(Dataset records Opens)

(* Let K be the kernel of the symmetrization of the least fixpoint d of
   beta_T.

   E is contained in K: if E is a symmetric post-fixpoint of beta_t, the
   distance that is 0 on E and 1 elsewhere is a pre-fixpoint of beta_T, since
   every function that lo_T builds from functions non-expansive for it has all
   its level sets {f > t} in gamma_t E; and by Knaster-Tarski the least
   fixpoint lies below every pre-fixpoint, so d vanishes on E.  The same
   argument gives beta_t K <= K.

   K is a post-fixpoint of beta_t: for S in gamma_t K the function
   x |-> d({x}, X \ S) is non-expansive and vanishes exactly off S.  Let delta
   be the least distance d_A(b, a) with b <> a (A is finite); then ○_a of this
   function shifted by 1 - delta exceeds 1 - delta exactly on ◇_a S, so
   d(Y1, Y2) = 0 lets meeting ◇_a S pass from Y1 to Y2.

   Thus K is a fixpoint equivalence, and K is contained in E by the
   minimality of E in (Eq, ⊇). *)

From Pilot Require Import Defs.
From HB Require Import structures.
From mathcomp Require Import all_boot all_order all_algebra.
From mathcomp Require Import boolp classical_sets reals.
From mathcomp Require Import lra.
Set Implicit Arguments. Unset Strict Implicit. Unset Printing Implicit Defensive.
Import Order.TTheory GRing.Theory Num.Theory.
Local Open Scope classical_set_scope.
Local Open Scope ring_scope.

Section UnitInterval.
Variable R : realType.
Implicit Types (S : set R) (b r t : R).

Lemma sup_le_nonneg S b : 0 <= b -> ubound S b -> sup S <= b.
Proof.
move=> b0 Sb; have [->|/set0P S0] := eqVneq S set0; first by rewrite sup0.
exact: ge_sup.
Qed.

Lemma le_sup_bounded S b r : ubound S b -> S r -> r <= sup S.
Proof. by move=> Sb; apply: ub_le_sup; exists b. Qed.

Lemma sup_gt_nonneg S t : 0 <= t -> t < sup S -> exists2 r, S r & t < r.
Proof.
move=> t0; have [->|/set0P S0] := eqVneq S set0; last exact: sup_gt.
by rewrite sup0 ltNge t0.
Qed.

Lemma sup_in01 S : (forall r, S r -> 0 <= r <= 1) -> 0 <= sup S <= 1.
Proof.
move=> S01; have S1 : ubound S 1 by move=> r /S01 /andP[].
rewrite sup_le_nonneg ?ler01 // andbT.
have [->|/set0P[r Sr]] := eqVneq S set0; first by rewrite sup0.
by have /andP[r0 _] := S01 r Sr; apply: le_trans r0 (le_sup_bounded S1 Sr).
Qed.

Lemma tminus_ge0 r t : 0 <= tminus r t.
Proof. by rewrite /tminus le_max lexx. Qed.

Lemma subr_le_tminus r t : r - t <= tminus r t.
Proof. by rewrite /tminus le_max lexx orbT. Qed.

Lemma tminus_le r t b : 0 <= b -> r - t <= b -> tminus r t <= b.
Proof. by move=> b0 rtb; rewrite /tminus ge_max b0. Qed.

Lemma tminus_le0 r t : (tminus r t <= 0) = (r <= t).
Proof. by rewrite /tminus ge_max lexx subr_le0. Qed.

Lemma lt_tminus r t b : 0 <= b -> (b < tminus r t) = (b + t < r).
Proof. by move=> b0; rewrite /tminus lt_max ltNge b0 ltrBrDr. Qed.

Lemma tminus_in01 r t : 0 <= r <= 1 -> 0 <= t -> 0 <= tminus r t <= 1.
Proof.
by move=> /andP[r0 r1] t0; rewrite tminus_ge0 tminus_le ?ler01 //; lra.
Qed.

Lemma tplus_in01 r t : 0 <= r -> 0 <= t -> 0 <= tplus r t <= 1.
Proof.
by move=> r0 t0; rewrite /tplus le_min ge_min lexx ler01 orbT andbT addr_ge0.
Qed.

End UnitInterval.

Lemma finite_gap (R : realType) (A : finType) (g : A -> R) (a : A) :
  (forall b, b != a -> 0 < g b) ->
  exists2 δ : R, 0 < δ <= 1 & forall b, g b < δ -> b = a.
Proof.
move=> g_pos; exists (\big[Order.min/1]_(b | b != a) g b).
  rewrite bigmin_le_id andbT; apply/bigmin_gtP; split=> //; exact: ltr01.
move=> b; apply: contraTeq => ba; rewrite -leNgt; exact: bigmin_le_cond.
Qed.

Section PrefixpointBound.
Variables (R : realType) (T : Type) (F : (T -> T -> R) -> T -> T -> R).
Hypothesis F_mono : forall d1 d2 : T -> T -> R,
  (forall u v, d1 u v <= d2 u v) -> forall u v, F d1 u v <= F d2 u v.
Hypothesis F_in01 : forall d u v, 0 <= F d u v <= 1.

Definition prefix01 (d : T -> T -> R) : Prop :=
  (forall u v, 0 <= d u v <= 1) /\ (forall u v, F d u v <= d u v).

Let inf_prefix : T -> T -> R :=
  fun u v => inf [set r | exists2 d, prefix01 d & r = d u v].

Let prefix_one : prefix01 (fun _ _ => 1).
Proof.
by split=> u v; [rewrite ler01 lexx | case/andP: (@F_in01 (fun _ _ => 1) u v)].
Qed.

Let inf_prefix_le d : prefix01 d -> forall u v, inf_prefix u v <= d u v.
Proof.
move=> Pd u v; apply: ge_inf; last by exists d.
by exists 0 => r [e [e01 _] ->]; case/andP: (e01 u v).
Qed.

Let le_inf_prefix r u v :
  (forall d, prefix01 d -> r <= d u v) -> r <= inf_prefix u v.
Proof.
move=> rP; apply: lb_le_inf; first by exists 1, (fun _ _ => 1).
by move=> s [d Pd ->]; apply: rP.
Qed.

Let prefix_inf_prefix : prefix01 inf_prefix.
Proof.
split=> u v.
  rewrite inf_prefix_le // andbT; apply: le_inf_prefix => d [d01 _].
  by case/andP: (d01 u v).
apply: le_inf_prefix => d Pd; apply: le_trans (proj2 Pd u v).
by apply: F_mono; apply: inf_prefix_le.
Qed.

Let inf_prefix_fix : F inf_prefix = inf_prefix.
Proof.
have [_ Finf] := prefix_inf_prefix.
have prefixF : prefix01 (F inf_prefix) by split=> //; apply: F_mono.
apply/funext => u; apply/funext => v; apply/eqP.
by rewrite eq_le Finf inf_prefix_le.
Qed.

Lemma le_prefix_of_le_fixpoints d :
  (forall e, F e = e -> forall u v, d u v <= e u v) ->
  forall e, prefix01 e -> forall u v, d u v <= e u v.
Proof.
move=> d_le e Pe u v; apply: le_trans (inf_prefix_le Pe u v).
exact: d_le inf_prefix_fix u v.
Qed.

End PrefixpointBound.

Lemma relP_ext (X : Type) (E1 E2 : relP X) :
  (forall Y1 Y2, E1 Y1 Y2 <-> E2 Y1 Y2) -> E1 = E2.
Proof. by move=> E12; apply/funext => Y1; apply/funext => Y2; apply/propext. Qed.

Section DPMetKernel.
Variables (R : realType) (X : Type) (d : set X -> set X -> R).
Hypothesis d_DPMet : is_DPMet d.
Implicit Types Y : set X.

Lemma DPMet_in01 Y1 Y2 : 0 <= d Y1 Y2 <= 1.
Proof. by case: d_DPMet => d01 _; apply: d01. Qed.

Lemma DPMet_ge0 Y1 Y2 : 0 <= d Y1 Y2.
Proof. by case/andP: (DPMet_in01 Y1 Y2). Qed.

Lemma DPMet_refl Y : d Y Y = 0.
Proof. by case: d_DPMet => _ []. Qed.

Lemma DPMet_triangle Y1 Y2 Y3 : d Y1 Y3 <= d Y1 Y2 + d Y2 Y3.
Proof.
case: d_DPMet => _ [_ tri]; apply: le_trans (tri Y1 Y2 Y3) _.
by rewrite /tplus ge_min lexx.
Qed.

(Dataset records Closes)
(Dataset records Opens)

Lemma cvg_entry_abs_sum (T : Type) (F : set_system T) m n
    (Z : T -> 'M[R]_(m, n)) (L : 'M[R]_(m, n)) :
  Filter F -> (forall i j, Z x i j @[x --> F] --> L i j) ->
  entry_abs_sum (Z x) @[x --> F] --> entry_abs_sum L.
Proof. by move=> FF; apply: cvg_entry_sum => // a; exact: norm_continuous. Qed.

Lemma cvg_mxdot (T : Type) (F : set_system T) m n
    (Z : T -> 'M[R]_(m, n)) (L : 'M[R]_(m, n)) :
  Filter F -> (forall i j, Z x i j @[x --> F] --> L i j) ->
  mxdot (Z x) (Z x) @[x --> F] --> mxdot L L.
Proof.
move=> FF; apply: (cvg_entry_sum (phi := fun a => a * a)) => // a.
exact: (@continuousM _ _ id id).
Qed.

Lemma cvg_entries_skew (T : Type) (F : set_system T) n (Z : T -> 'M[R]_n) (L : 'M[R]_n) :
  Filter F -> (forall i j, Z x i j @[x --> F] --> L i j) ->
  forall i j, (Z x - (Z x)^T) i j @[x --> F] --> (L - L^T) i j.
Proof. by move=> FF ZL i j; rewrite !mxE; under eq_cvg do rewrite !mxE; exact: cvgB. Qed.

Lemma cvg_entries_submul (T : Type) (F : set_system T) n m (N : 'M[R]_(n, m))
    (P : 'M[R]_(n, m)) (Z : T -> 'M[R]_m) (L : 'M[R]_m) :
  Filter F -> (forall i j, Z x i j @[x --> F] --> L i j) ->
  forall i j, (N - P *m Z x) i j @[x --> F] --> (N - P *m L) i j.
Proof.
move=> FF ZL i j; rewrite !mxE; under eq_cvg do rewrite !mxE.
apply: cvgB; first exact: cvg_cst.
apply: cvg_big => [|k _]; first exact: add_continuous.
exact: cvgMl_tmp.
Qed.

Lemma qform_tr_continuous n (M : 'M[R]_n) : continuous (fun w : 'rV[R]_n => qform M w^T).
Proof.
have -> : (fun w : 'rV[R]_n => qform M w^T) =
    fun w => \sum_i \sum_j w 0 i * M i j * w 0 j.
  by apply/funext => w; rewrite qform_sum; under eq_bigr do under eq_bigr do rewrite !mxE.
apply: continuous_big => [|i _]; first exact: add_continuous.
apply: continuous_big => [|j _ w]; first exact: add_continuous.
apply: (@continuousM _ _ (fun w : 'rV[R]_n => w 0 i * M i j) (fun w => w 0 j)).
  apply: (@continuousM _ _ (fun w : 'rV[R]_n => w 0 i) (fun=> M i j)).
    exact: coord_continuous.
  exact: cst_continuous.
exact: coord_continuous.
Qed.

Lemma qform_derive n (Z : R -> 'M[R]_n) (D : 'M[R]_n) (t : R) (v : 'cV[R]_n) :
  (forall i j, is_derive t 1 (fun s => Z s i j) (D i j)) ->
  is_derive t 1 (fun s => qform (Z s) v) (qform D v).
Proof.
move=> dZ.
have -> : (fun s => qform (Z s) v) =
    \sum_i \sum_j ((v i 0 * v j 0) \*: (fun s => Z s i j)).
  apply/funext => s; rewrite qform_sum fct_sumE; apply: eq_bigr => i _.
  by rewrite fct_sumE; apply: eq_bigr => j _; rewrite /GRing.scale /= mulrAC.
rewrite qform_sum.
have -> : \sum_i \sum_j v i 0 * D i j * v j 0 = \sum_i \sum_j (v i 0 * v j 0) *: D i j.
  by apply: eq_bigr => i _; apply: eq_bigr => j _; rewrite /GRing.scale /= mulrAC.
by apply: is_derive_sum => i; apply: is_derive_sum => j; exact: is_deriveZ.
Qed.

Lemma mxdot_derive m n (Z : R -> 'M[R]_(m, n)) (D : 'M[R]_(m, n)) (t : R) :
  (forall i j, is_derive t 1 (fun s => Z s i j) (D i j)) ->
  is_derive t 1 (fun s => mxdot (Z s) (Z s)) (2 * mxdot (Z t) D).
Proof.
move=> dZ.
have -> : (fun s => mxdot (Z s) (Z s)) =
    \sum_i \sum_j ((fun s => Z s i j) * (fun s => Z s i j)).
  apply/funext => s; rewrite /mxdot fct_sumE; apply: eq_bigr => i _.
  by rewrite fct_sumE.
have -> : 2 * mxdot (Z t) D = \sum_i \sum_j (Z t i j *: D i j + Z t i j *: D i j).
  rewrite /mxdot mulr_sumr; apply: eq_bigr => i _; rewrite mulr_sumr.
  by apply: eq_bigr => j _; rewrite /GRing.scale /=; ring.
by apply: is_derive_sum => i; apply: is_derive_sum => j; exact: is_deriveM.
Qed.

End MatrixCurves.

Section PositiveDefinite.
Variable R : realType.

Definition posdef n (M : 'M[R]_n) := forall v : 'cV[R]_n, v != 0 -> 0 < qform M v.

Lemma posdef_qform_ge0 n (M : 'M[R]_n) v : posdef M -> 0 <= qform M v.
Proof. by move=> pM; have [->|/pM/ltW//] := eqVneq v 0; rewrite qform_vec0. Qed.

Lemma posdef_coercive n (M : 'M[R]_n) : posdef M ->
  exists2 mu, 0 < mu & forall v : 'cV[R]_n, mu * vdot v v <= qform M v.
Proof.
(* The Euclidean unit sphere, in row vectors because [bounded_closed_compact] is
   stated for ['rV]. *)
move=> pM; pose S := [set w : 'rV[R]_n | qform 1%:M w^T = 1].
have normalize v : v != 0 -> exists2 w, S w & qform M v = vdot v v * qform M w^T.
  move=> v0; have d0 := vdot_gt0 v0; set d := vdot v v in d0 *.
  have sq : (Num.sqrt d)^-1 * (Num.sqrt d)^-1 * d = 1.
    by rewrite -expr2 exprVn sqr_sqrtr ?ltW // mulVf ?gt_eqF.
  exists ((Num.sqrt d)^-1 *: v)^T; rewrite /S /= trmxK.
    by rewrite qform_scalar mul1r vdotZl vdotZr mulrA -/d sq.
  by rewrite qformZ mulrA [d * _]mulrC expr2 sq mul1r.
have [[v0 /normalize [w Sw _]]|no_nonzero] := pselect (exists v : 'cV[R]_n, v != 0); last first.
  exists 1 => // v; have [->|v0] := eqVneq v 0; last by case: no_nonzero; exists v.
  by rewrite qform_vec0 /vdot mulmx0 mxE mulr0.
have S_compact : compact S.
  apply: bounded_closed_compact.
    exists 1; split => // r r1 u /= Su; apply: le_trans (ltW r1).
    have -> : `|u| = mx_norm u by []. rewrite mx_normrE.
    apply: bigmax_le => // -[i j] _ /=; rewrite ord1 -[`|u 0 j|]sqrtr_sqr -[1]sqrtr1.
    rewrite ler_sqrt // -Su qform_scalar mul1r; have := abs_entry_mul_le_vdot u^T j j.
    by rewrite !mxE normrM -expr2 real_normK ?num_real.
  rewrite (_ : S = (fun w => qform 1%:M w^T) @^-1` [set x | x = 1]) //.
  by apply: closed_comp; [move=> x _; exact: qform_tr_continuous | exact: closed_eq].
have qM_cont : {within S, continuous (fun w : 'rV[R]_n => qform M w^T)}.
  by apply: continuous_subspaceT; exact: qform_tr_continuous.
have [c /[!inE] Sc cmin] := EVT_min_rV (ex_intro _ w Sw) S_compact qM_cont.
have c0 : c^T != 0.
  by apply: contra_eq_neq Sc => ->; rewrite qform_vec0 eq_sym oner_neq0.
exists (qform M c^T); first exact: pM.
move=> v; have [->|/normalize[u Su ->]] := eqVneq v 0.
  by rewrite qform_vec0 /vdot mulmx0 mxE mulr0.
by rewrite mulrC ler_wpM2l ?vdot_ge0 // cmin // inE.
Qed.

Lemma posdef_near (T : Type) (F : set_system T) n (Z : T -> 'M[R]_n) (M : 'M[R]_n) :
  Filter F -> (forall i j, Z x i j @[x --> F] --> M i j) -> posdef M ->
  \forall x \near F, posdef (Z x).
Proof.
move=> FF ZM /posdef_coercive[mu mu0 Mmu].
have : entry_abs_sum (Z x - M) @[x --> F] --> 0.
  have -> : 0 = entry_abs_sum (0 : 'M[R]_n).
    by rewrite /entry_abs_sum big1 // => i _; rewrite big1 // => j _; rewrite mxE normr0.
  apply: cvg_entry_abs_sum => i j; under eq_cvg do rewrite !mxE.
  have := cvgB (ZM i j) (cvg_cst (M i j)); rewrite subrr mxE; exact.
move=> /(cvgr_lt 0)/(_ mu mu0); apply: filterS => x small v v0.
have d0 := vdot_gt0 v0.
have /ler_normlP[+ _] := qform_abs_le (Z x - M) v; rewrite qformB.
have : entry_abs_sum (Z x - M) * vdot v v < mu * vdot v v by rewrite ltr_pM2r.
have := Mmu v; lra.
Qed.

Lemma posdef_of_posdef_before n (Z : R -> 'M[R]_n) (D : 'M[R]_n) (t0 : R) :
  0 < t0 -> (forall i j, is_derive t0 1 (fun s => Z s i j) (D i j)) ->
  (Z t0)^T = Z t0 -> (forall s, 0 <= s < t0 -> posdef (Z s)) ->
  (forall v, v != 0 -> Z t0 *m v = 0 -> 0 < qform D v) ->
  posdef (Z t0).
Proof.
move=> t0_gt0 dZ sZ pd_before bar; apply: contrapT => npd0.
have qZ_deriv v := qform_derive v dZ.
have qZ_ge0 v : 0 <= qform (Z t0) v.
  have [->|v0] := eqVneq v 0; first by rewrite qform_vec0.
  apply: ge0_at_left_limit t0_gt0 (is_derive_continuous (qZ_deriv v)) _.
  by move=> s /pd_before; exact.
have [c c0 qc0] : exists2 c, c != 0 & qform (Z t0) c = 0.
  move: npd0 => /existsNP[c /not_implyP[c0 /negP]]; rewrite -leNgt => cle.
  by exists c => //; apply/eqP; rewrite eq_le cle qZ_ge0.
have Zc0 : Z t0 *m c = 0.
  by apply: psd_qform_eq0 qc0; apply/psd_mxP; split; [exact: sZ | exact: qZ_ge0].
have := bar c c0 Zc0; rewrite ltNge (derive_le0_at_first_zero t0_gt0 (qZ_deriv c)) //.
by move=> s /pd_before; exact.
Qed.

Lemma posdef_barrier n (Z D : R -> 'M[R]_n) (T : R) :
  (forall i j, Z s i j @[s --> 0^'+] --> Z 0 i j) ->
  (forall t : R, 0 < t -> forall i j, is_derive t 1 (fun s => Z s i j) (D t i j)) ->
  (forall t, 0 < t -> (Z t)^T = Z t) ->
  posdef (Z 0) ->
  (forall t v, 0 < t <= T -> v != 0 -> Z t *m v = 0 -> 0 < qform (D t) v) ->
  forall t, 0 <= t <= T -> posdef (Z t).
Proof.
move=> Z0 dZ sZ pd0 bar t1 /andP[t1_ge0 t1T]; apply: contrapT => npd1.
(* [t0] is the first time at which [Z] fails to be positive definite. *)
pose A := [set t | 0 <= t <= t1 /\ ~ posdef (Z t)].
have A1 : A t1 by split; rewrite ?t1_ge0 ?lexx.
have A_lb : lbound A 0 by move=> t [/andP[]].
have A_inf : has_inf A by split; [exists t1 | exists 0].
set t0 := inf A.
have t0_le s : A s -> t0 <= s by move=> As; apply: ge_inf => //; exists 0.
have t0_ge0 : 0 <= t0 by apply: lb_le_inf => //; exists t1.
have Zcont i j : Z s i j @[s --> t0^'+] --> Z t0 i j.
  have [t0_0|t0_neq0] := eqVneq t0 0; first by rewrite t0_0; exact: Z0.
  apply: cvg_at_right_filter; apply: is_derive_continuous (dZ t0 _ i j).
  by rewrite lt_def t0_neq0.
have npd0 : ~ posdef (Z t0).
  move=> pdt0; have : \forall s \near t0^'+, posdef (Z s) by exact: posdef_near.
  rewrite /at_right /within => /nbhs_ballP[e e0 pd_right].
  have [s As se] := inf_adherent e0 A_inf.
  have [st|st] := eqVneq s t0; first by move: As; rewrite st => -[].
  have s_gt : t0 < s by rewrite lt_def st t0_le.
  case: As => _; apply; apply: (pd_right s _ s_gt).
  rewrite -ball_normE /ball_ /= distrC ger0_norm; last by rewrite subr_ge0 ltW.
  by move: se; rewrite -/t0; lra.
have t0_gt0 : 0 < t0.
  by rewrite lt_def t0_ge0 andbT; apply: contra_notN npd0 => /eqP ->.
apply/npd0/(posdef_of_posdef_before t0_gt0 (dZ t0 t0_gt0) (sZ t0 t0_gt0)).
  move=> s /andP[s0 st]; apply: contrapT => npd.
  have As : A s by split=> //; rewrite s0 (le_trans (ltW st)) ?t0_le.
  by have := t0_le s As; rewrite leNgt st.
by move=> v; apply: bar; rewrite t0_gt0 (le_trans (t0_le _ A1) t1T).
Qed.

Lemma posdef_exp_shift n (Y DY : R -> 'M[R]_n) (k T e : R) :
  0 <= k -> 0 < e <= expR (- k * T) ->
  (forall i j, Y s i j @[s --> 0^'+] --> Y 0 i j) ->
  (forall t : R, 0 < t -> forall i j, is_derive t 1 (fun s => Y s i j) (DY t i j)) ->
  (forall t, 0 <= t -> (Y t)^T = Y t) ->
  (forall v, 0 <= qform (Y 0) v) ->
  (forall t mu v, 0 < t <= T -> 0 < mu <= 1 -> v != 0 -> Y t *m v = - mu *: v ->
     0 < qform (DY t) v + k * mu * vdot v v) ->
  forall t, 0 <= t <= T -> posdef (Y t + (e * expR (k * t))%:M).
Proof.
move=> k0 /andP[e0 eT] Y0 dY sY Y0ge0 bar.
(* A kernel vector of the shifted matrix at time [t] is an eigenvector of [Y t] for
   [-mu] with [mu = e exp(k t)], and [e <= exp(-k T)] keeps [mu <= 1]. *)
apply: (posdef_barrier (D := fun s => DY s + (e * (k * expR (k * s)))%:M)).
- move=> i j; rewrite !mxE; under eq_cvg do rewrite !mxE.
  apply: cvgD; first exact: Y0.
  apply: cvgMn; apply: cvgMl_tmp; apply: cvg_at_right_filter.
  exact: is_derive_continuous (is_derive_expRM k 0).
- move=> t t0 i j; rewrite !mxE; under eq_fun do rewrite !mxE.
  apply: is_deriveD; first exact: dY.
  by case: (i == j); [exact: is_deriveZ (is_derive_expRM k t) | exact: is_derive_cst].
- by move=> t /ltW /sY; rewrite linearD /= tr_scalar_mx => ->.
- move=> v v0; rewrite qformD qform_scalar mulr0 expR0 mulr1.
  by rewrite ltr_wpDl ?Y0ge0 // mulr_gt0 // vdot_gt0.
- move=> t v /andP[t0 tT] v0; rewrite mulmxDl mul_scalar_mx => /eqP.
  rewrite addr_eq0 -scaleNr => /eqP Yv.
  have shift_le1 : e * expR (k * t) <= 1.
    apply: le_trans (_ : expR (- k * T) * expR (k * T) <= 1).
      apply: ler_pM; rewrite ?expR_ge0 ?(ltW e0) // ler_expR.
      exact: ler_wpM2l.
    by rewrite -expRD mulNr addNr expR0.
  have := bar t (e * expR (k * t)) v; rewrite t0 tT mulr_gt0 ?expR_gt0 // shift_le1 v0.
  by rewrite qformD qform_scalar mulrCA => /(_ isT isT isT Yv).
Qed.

(Dataset records Closes)

● **About this task**
Starting with the line that holds "(* Let K be" and ending with the line that holds "argument gives beta_t K <= K.", retype every line in the data above exactly, and nothing else.

● **Response area**
(* Let K be the kernel of the symmetrization of the least fixpoint d of
   beta_T.

   E is contained in K: if E is a symmetric post-fixpoint of beta_t, the
   distance that is 0 on E and 1 elsewhere is a pre-fixpoint of beta_T, since
   every function that lo_T builds from functions non-expansive for it has all
   its level sets {f > t} in gamma_t E; and by Knaster-Tarski the least
   fixpoint lies below every pre-fixpoint, so d vanishes on E.  The same
   argument gives beta_t K <= K.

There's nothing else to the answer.